- SUPPLIED RECORDS:
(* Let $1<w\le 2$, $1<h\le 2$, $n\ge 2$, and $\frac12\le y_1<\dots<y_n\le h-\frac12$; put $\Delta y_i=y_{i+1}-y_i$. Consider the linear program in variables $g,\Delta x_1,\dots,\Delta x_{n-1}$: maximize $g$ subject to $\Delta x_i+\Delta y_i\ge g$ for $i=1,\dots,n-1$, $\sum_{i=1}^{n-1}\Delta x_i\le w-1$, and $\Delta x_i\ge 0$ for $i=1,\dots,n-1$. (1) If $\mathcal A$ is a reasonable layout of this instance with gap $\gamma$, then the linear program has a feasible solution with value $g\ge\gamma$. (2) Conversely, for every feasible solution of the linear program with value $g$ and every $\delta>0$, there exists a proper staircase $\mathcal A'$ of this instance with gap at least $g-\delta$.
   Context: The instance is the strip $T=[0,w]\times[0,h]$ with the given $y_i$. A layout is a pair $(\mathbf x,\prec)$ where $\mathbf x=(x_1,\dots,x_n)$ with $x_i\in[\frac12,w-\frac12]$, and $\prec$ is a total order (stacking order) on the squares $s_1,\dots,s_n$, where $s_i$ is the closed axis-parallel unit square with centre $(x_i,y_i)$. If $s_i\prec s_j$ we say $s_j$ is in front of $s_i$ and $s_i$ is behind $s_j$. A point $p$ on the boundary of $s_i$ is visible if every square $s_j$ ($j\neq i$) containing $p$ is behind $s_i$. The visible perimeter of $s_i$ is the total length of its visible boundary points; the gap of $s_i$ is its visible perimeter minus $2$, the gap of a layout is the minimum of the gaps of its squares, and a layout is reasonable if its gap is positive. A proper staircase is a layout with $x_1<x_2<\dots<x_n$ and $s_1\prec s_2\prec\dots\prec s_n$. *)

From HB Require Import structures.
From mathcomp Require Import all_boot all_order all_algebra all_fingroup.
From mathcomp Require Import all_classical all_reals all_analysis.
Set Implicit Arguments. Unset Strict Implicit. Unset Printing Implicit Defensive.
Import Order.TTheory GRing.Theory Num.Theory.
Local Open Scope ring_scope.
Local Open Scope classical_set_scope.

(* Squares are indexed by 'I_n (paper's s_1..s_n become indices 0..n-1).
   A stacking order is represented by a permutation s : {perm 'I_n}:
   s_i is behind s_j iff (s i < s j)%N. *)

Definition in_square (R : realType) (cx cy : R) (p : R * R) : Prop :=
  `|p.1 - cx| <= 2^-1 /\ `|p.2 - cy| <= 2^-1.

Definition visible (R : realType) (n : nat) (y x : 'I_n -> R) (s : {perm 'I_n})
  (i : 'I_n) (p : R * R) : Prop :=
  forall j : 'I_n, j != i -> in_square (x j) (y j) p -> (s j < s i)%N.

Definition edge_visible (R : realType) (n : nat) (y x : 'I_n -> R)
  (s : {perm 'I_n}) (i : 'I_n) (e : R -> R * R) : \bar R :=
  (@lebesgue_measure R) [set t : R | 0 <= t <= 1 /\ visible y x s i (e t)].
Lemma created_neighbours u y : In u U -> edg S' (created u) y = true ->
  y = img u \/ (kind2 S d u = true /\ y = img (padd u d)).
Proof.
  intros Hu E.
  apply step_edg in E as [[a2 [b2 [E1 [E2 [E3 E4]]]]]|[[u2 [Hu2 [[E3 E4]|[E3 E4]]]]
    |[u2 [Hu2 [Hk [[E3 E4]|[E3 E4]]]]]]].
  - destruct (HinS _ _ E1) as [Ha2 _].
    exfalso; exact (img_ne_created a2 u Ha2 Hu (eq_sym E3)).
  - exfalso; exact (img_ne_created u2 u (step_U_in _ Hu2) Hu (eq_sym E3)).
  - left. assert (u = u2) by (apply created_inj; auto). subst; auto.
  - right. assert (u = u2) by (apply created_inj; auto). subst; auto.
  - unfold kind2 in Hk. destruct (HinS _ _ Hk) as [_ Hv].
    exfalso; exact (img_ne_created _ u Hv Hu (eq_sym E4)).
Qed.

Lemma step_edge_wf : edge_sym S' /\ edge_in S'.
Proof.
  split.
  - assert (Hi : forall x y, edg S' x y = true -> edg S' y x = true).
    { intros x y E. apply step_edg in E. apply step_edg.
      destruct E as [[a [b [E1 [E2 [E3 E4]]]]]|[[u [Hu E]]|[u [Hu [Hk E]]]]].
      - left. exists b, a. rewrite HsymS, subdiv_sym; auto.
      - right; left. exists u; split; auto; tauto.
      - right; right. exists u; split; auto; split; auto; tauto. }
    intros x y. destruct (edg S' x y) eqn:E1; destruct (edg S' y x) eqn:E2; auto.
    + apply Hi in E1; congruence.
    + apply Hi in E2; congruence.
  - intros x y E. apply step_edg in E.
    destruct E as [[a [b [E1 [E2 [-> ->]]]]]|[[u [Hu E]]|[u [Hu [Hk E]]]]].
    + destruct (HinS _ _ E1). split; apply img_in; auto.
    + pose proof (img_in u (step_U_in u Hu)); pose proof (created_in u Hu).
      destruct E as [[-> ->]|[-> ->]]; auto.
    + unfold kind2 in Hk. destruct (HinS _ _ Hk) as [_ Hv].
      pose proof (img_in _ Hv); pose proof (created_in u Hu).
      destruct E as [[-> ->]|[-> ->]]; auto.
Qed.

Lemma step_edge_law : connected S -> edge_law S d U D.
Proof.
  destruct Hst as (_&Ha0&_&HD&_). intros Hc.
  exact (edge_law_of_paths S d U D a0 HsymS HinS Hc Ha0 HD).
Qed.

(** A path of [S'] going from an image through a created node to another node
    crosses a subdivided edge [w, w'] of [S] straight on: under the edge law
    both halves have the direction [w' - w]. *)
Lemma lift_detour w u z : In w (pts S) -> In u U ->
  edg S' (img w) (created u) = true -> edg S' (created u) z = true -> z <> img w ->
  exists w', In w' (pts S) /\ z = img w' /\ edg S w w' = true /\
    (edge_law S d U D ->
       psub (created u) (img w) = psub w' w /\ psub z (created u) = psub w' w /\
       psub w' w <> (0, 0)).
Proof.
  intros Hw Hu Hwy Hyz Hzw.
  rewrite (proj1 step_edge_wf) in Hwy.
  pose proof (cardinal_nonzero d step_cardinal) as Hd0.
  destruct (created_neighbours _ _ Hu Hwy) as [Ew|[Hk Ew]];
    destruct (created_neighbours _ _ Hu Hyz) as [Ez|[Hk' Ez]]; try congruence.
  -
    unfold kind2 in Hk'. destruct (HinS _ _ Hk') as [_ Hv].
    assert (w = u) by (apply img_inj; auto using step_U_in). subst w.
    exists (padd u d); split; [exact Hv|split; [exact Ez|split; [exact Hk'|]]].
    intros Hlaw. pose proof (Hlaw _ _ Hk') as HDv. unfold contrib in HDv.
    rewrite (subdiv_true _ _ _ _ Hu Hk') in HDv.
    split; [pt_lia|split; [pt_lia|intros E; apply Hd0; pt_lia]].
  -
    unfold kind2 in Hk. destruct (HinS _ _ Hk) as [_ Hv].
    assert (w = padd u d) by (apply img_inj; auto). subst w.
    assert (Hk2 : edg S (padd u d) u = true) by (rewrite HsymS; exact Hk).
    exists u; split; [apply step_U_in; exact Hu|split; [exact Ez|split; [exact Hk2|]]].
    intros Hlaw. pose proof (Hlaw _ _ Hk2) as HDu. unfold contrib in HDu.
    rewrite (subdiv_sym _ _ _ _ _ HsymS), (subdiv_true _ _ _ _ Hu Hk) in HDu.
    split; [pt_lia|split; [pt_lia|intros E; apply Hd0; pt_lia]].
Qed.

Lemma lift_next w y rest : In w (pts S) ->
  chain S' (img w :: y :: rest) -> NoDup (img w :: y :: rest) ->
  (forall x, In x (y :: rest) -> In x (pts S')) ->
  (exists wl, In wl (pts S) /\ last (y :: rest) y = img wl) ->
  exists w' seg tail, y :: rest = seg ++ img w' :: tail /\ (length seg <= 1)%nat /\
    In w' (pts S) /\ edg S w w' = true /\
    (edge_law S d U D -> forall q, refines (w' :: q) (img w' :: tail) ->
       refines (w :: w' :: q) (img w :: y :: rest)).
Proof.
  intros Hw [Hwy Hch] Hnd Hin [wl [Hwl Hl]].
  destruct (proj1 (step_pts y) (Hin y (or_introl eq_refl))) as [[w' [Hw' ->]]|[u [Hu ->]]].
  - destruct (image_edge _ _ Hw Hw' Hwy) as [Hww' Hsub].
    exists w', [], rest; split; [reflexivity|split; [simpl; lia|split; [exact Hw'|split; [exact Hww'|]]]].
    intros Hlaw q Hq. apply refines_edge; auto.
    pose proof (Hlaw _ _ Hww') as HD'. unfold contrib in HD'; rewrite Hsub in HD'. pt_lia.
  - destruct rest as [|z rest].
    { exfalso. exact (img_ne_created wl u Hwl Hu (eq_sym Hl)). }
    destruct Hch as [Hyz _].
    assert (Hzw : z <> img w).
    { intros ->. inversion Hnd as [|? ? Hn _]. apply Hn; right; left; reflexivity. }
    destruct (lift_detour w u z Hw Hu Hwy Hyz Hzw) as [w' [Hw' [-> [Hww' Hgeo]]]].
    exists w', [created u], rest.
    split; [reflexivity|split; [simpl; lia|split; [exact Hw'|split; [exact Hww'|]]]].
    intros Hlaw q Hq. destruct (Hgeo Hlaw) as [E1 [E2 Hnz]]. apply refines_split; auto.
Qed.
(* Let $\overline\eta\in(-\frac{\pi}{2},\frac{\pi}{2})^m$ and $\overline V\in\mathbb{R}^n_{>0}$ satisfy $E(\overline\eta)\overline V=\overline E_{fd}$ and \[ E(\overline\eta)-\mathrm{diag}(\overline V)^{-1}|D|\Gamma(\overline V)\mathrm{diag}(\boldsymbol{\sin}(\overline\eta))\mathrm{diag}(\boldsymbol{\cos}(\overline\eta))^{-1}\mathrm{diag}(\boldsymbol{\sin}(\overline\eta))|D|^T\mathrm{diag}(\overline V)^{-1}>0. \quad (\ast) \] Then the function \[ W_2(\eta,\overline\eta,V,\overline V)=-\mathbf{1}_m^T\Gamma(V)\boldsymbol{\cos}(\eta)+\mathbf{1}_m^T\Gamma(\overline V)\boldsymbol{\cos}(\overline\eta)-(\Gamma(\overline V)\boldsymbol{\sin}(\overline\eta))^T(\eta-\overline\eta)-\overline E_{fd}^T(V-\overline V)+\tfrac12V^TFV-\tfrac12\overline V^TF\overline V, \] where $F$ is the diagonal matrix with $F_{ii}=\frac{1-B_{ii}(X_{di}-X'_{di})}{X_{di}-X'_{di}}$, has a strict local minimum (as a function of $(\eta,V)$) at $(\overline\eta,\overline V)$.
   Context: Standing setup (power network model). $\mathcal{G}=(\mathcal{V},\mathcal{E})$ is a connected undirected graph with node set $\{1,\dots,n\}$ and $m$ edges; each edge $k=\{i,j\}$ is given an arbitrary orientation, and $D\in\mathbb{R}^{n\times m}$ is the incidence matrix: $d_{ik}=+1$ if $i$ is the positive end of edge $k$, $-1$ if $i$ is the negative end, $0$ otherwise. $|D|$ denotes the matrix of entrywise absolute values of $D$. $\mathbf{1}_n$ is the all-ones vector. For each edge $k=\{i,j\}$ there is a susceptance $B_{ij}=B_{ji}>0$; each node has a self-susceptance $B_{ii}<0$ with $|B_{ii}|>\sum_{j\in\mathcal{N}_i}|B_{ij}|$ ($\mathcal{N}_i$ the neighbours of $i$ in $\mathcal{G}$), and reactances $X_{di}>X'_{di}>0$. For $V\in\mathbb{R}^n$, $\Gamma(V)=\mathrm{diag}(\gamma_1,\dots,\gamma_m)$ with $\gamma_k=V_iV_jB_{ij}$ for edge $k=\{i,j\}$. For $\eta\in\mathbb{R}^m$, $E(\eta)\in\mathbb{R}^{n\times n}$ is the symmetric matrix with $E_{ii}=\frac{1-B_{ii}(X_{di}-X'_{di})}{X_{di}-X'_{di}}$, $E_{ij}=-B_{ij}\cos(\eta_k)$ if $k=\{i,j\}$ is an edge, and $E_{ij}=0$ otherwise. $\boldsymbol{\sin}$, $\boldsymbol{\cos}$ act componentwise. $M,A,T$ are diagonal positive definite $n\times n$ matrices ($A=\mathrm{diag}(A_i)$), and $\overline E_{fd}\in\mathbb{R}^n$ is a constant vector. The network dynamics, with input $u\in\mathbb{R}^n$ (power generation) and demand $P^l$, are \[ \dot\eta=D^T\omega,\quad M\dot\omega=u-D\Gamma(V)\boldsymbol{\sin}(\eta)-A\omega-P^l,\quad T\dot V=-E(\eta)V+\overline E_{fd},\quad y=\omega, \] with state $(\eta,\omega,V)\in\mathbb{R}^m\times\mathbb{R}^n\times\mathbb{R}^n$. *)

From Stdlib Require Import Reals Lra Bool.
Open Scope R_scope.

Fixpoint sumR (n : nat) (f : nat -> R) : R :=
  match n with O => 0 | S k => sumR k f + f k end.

- WORK TO COMPLETE: Filter the listing above for the string "tail" and copy every matching line.

- FINISHED TASK:
  exists w' seg tail, y :: rest = seg ++ img w' :: tail /\ (length seg <= 1)%nat /\
    (edge_law S d U D -> forall q, refines (w' :: q) (img w' :: tail) ->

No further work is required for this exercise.